Even if true - which you have no way of knowing - this is no big issue. Bacteria do not drown. - GreedyCopybara7
- Yes they do. Their cells burst from a decrease in salinity, shrivel from an increase in salinity, species anchored to the sea bed would die from a lack of sunlight and aerobic species would die from a lack of oxygen.
This is as close to "drowning" as individual cells can get, in either case they're still dead. - End of Hans-Georg Lundahl ζ subthread.
- Hans-Georg Lundahl η
- "the ark would have to have at least one active volcano on board."

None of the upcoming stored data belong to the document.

Lemma pjoin_exists x y : isProj A x -> isProj A y -> exists e,
  [/\ isProj A e, sle Apos x e, sle Apos y e,
      (forall z, isProj A z -> sle Apos x z -> sle Apos y z -> sle Apos e z) &
      (forall b, Comm A x b -> Comm A y b -> Comm A e b)].
Proof.
move=> px py; have ha : A (x + y) := AD px.1 py.1.
have [e [pe ann]] := SA6 ha; have [hce _] := isProj_compl pe.
have a1e : (x + y) * (1 - e) = 0 by apply/ann => //; rewrite mulrBr mulr1 pe.2 subrr.
have sum0 : (1 - e) * x * (1 - e) + (1 - e) * y * (1 - e) = 0.
  by rewrite -mulrDl -mulrDr -mulrA a1e mulr0.
have hx := Apos_proj px; have hy := Apos_proj py; have he := Apos_proj pe.
have hcx : Apos ((1 - e) * x * (1 - e)) by apply: SA3 => //; apply/Apos_proj/isProj_compl.
have hcy : Apos ((1 - e) * y * (1 - e)) by apply: SA3 => //; apply/Apos_proj/isProj_compl.
have x0 := Apos_add_eq0 hcx hcy sum0.
have y0 : (1 - e) * y * (1 - e) = 0 by move: sum0; rewrite x0 add0r.
exists e; split=> //.
- exact/sle_proj/(compl_sandwich_eq0 pe hx x0).
- exact/sle_proj/(compl_sandwich_eq0 pe hy y0).
- move=> z pz /(sle_proj px pz) [_ xz] /(sle_proj py pz) [_ yz].
  have [hcz _] := isProj_compl pz.
  have ez : e * (1 - z) = 0.
    by apply/ann => //; rewrite mulrDl !mulrBr !mulr1 xz yz !subrr addr0.
  apply/sle_proj/(compl_sandwich_eq0 pz he) => //.
  by rewrite -mulrA ez mulr0.
- move=> b [hb xb] [_ yb]; apply: Comm_annihilator_proj ann _ => //.
  by split=> //; apply/commr_sym/commrD; apply/commr_sym.
Qed.

Lemma pjoinP x y : isProj A x -> isProj A y ->
  [/\ isProj A (pjoin A Apos x y), sle Apos x (pjoin A Apos x y),
      sle Apos y (pjoin A Apos x y),
      (forall z, isProj A z -> sle Apos x z -> sle Apos y z -> sle Apos (pjoin A Apos x y) z) &
      (forall b, Comm A x b -> Comm A y b -> Comm A (pjoin A Apos x y) b)].
Proof.
move=> px py; have [e [pe xe ye le_e ce]] := pjoin_exists px py.
pose P m := isProj A m /\ sle Apos x m /\ sle Apos y m /\
  forall z, isProj A z -> sle Apos x z -> sle Apos y z -> sle Apos m z.
have [pJ [xJ [yJ le_J]]] : P (pjoin A Apos x y).
  by apply: epsilon_spec; exists e.
by have -> : pjoin A Apos x y = e by apply: sle_anti; [apply: le_J | apply: le_e].
Qed.

Lemma sle_compl a b : sle Apos a b <-> sle Apos (1 - b) (1 - a).
Proof. by rewrite /sle (_ : 1 - a - (1 - b) = b - a) // opprB addrC subrKA. Qed.

Lemma pmeetP x y : isProj A x -> isProj A y ->
  isProj A (pmeet A Apos x y) /\
  (forall b, Comm A x b -> Comm A y b -> Comm A (pmeet A Apos x y) b).
Proof.
move=> px py; have pcx := isProj_compl px; have pcy := isProj_compl py.
have [pJ xJ yJ le_J cJ] := pjoinP pcx pcy.
set J := pjoin A Apos (1 - x) (1 - y) in pJ xJ yJ le_J cJ.
(* De Morgan: the meet is the complement of the join of the complements *)
have le_x : sle Apos (1 - J) x by apply/sle_compl; rewrite subKr.
have le_y : sle Apos (1 - J) y by apply/sle_compl; rewrite subKr.
have ge_J z : isProj A z -> sle Apos z x -> sle Apos z y -> sle Apos z (1 - J).
  move=> pz /sle_compl zx /sle_compl zy.
  by apply/sle_compl; rewrite subKr; apply: le_J => //; apply: isProj_compl.
pose P m := isProj A m /\ sle Apos m x /\ sle Apos m y /\
  forall z, isProj A z -> sle Apos z x -> sle Apos z y -> sle Apos z m.
have [pM [Mx [My ge_M]]] : P (pmeet A Apos x y).
  by apply: epsilon_spec; exists (1 - J); split; [apply: isProj_compl|].
have -> : pmeet A Apos x y = 1 - J.
  by apply: sle_anti; [apply: ge_J | apply: ge_M] => //; apply: isProj_compl.
split; first exact: isProj_compl.
by move=> b /Comm_compl xb /Comm_compl yb; apply/Comm_compl/cJ.
Qed.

Extremophile species would either have survived the flood anyway or developed their predelection of habitat after it. - GreedyCopybara7
- Not possible for reasons I've already outlined. You either have an active volcano on-board or extremophiles are actually Poke'mon in disguise, the choice is yours.
- Hans-Georg Lundahl
- It would obviously take a few generations to adapt - at least probably - to other environments than the usual ones, but adapting to new environments is actually one of the faster aspects of microevolution.
If grizzly bears and polar bears can interbreed - and they can - they are "same created species" and had a common ancestor on board the ark. Since then adapting to arctic conditions in one case or to appalachian conditions in the other has taken less than five thousand years.
The species that thrive in volcanoes are lots simpler than mammals and therefore live shorter and have had lots more generations to develop and adapt in since back then. - End of Hans-Georg Lundahl η subthread and of thread III.
- Epilogue:
- GreedyCopybara7
- Epilogue:
- Do you understand the scope of your stupidity now?
- Hans-Georg Lundahl
- After my answers, you might consider the question, as to this topic, boomeranged.
- GreedyCopybara7
- No. The stupidity of your answers only serves to magnify the scope of your ignorance.
Not yet answered the last reply from Greedy Copybara.
Started posting quotes from his final replies on new thread on video. With my answers. Which are now all inserted in appropriate subthreads.